Save for a later turn to more grim and sensational seriousness, this is funny, ridiculous stuff, by the way. (I understand the original manga, by Usune Masatoshi, to be much less silly, with more dark humor.) Most of this is in my appreciation for Kosuna, a forerunner, in Takahiro Yoshimatsu’s anime character designs, of the cute, quirky, moe-inspiring, gun-wielding, violent young girl. Shows in the proceeding years built worlds of and for these types of characters, but Kosuna’s almost alone in Desert Punk (a rich spoiled brat hostage in one episode doesn’t count) and she’s the clever and effective hook for an audience at the time beginning to splinter between genre and character-based (moe) shows. Appearing in that era, adapted as it was from its source material, it’s a little unique in my mind.

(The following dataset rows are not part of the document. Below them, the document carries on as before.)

(* Writing [s r - s' r' = s (r - r') + (s - s') r'], the first term decays like
   [q ^ l] of the intermediate index, which is within [dT] of the column index. *)
Lemma qclose_coef_mul q dS dT KS KT j p p' r r' :
  0 < q -> q < 1 -> 0 <= KS -> 0 <= KT ->
  qclose_coef q dT KT j p p' -> qclose_coef q dS KS (fst p) r r' ->
  qclose_coef q (dS + dT) (KS * KT * (1 + / q ^ dT)) j
    (fst r, Cmult (snd p) (snd r)) (fst r', Cmult (snd p') (snd r')).
Proof.
  intros hq hq1 HKS HKT [Hf Hvp B1 B2 Hp Hp' Hd] [Gf Gv C1 C2 Hr Hr' Gd].
  assert (Hqd : 0 < q ^ dT) by (apply pow_lt; lra).
  assert (Hinv : 0 < / q ^ dT) by (apply Rinv_0_lt_compat; lra).
  assert (HKK : KS * KT <= KS * KT * (1 + / q ^ dT)) by (pose proof (Rmult_le_pos _ _ HKS HKT); nra).
  pose proof (Cmod_ge_0 (snd p)). pose proof (Cmod_ge_0 (snd p')).
  pose proof (Cmod_ge_0 (snd r)). pose proof (Cmod_ge_0 (snd r')).
  pose proof (pow_le q (fst j) ltac:(lra)).
  assert (Hqp : q ^ fst (fst p) <= q ^ fst j * / q ^ dT).
  { apply (Rmult_le_reg_r (q ^ dT)); auto.
    rewrite Rmult_assoc, Rinv_l, Rmult_1_r, <- pow_add by lra.
    apply pow_le_pow_of_le; lia || lra. }
  split; cbn [fst snd]; auto; try lia.
  - rewrite Cmod_mult. eapply Rle_trans; [|exact HKK].
    rewrite (Rmult_comm KS). apply Rmult_le_compat; auto.
  - rewrite Cmod_mult. eapply Rle_trans; [|exact HKK].
    rewrite (Rmult_comm KS). apply Rmult_le_compat; auto.
  - replace (Cminus (Cmult (snd p) (snd r)) (Cmult (snd p') (snd r')))
      with (Cplus (Cmult (snd p) (Cminus (snd r) (snd r'))) (Cmult (Cminus (snd p) (snd p')) (snd r')))
      by (unfold Cminus; ring).
    eapply Rle_trans; [apply Cmod_triangle|]. rewrite !Cmod_mult.
    assert (X1 : Cmod (snd p) * Cmod (Cminus (snd r) (snd r')) <= KT * (KS * (q ^ fst j * / q ^ dT))).
    { apply Rmult_le_compat; auto; [apply Cmod_ge_0|].
      eapply Rle_trans; [exact Gd|]. apply Rmult_le_compat_l; auto. }
    assert (X2 : Cmod (Cminus (snd p) (snd p')) * Cmod (snd r') <= KT * q ^ fst j * KS)
      by (apply Rmult_le_compat; auto; apply Cmod_ge_0).
    lra.
Qed.

Lemma qclose_comp q S S' T T' : 0 < q -> q < 1 -> qclose q S S' -> qclose q T T' ->
  qclose q (op_comp S T) (op_comp S' T').
Proof.
  intros hq hq1 [dS [LS [KS [HKS HS]]]] [dT [LT [KT [HKT HT]]]].
  exists (dS + dT)%nat, (LT * LS)%nat, (KS * KT * (1 + / q ^ dT)). split.
  { assert (0 < / q ^ dT) by (apply Rinv_0_lt_compat, pow_lt; lra).
    pose proof (Rmult_le_pos _ _ HKS HKT). nra. }
  intros j Hv. destruct (HT j Hv) as [HlT HFT]. unfold op_comp. split.
  - eapply Nat.le_trans; [apply length_flat_map_le with (M := LS)|].
    + intros p Hp. rewrite length_map.
      assert (Hvalid : List.Forall (fun p => validb (fst p) = true) (T j))
        by (eapply Forall2_Forall_l; [apply qclose_valid | exact HFT]).
      apply (HS (fst p)). rewrite List.Forall_forall in Hvalid. auto.
    + apply Nat.mul_le_mono_r; auto.
  - eapply Forall2_flat_map; [|exact HFT]. intros p p' Hpp.
    destruct (HS (fst p) (qclose_valid _ _ _ _ _ _ Hpp)) as [_ HFS].
    rewrite <- (qclose_index _ _ _ _ _ _ Hpp).
    eapply Forall2_map; [|exact HFS]. intros r r'.
    apply qclose_coef_mul; auto.
Qed.
(* It suffices that every member of the chain V = (K, W1, W2, W3, W3, ...) is
   generated over the bottom field: V_j = W3 K^(p^j) for all j.  For j = 1,
   substitute W2 = W3 W1^p into W1 = W2 K^p.  For j = 2, if S contains W3 and
   K^(p^2), then {x | x^p \in S} is a subfield containing W3 and K^p, hence W1;
   so S contains W1^p and with it W2 = W3 W1^p.  For j >= 3, K^(p^j) lies in
   W1^(p^2), which lies in W3.  The chain cannot stabilise earlier since neither
   given chain does.  The three relative degrees agree because equality of
   dimension is transitive: two bases of a vector space of any dimension are
   equipotent, since an exchange argument with Zorn's lemma injects an
   independent set into any set spanning it, and Cantor-Bernstein concludes. *)

From HB Require Import structures.
From mathcomp Require Import all_boot all_algebra.
From mathcomp Require Import boolp classical_sets functions cardinality.
Set Implicit Arguments. Unset Strict Implicit. Unset Printing Implicit Defensive.
Import GRing.Theory.
Local Open Scope ring_scope.

Section Subfield.
Variables (K : fieldType) (S : K -> Prop).
Hypothesis hS : is_subfield S.

Lemma subfield0 : S 0. Proof. by case: hS. Qed.
Lemma subfield1 : S 1. Proof. by case: hS. Qed.
Lemma subfieldB x y : S x -> S y -> S (x - y). Proof. by case: hS => _ _ hB _ _; apply: hB. Qed.
Lemma subfieldM x y : S x -> S y -> S (x * y). Proof. by case: hS => _ _ _ hM _; apply: hM. Qed.
Lemma subfieldV x : S x -> S x^-1. Proof. by case: hS => _ _ _ _ hV; apply: hV. Qed.

Lemma subfieldN x : S x -> S (- x).
Proof. by move=> Sx; rewrite -sub0r; apply: subfieldB => //; apply: subfield0. Qed.

Lemma subfieldD x y : S x -> S y -> S (x + y).
Proof. by move=> Sx Sy; rewrite -[y]opprK; apply/subfieldB/subfieldN. Qed.

Lemma subfieldX x n : S x -> S (x ^+ n).
Proof.
move=> Sx; elim: n => [|n IHn]; first by rewrite expr0; apply: subfield1.
by rewrite exprS; apply: subfieldM.
Qed.

Lemma subfield_sum (I : Type) (r : seq I) (P : pred I) (F : I -> K) :
  (forall i, P i -> S (F i)) -> S (\sum_(i <- r | P i) F i).
Proof. by move=> SF; apply: big_ind => //; [exact: subfield0 | exact: subfieldD]. Qed.

End Subfield.

Lemma subfield_frobenius_preimage (K : fieldType) (p : nat) (S : K -> Prop) :
  p \in [pchar K] -> is_subfield S -> is_subfield (fun x => S (x ^+ p)).
Proof.
move=> hp hS; split.
- by rewrite -pFrobenius_autE pFrobenius_aut0 //; apply: subfield0.
- by rewrite expr1n; apply: subfield1.
- move=> x y Sx Sy; rewrite -pFrobenius_autE pFrobenius_autB_comm; last exact: mulrC.
  by rewrite !pFrobenius_autE; apply: subfieldB.
- by move=> x y Sx Sy; rewrite exprMn; apply: subfieldM.
- by move=> x Sx; rewrite exprVn; apply: subfieldV.
Qed.

Section LinearAlgebra.
Variables (K : fieldType) (L : K -> Prop).
Hypothesis hL : is_subfield L.
Implicit Types (C D : K -> Prop) (t : seq (K * K)).

Definition lspan C x := exists t,
  (forall u, u \in t -> L u.1 /\ C u.2) /\ x = \sum_(u <- t) u.1 * u.2.

Lemma lspan_mem C x : C x -> lspan C x.
Proof.
move=> Cx; exists [:: (1, x)]; rewrite big_seq1 mul1r; split => // u.
by rewrite inE => /eqP -> /=; split => //; apply: subfield1.
Qed.
(* Let $(Z,d)$ be an infinite compact metric space and $\psi:Z\to Z$ an expansive homeomorphism. Then there exist a compact zero-dimensional Hausdorff space $\mathcal P$, a homeomorphism $\sigma:\mathcal P\to\mathcal P$ and a continuous surjection $\pi:\mathcal P\to Z$ with $\pi\circ\sigma=\psi\circ\pi$, such that $\pi$ is injective on a dense $G_\delta$-subset of $\mathcal P$ (i.e. the set of $p\in\mathcal P$ with $\pi^{-1}(\pi(p))=\{p\}$ is a dense $G_\delta$), and such that $\mathcal P$ is a Cantor space whenever $Z$ has no isolated points.
   Context: A homeomorphism $\psi$ of a compact metric space $(Z,d)$ is expansive if there is $\varepsilon_Z>0$ such that $d(\psi^n(x),\psi^n(y))\le\varepsilon_Z$ for all $n\in\mathbb Z$ implies $x=y$. *)

From HB Require Import structures.
From mathcomp Require Import all_boot all_order all_algebra.
From mathcomp Require Import all_classical all_reals all_analysis borel_hierarchy cantor.
Set Implicit Arguments. Unset Strict Implicit. Unset Printing Implicit Defensive.
Import Order.TTheory GRing.Theory Num.Theory.
Local Open Scope classical_set_scope.
Local Open Scope ring_scope.

Definition is_metric_of {R : realType} (Z : topologicalType) (d : Z -> Z -> R) :=
  [/\ forall x y, 0 <= d x y,
      forall x y, d x y = 0 <-> x = y,
      forall x y, d x y = d y x,
      forall x y z, d x z <= d x y + d y z &
      forall (x : Z) (A : set Z),
        nbhs x A <-> exists2 e : R, 0 < e & [set y | d x y < e] `<=` A].

Definition homeo_pair (X Y : topologicalType) (f : X -> Y) (g : Y -> X) :=
  [/\ cancel f g, cancel g f, continuous f & continuous g].

Definition iter_int {T : Type} (f g : T -> T) (n : int) (x : T) : T :=
  match n with
  | Posz k => iter k f x
  | Negz k => iter k.+1 g x
  end.

Definition expansive {R : realType} {Z : Type} (d : Z -> Z -> R)
  (psi psi_inv : Z -> Z) :=
  exists2 eps : R, 0 < eps &
    forall x y, (forall n : int,
       d (iter_int psi psi_inv n x) (iter_int psi psi_inv n y) <= eps) -> x = y.

Definition is_cantor_space (P : topologicalType) :=
  exists (f : P -> cantor_space) (g : cantor_space -> P), homeo_pair f g.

Action-adventures with a dominant male character often—and no more than now, these ten years later—feature a more passive female companion, maybe secretly powerful, maybe wiser, but quiet instead of obnoxious, mysterious instead of comic relief. Kosuna, alone with the Punk’s rudeness, perversity, and greed (and that of all of his similar friends and enemies) has to stand on her own, and to do that she has to be very wicked, and very funny.
To this, add Chiwa Saito, on the Japanese side, and Luci Christian, on the English side. Their Kosunas are indeed wicked and funny, sometimes in the same way, but often enough different. Christian’s, the first I heard, is predominant in my mind, a moody, violent version of her chipper and quirky-cute young girl’s voice, last heard for me at the time (sans violent mood swings) with Princess Tutu’s titular Duck. Her Kosuna is earnest, pleading, and sarcastic, but genuinely tough. And a real delight.
That dub also features Eric Vale as Kanta—obnoxious, whiny, insecure, generally insincere, and manipulative; or, also a memorable performance. (Chihiro Suzuki wears the Punk’s helmet with equal verve on the Japanese track.) The curiosity with the dub, and tied to my memory of the first volume’s release from Funimation Entertainment in late February 2006, is that the most sexual or suggestive lines were toned down for those first four episodes. By the second volume, in late April, the marginally more family-friendly version was out the window, the team of adapters perhaps realizing the futility with what follows.
I do not love Desert Punk, no more now than a year after I first watched it. But I love parts of it, and have enjoyed re-watching it, and for exploitative action comedies (not really a niche in anime) it’s a shortlist title. I have no problem continuing to own it, and I continue to pull out references to Kosuna’s character or specific episodes or the dub when the opportunity arises (episode 12, “A Change of Heart”, for instance, as one of the most unique and standalone examples of all three).
And there is some enjoyment in looking back on some things. I had forgotten the curious fun of the promotional art used for this show (Kosuna, often, in cover parodies for movies like Kill Bill and Black Hawk Down) and of course the hokey and even bizarre original Japanese bonus video segments (what other kinds are there?), including live-action shorts of Desert Punk doing Desert Punk poses while the theme song croons about Desert Punk. The sort of silliness a mostly silly show needs, especially years down the road when you pull something off the shelf and wonder how it got there.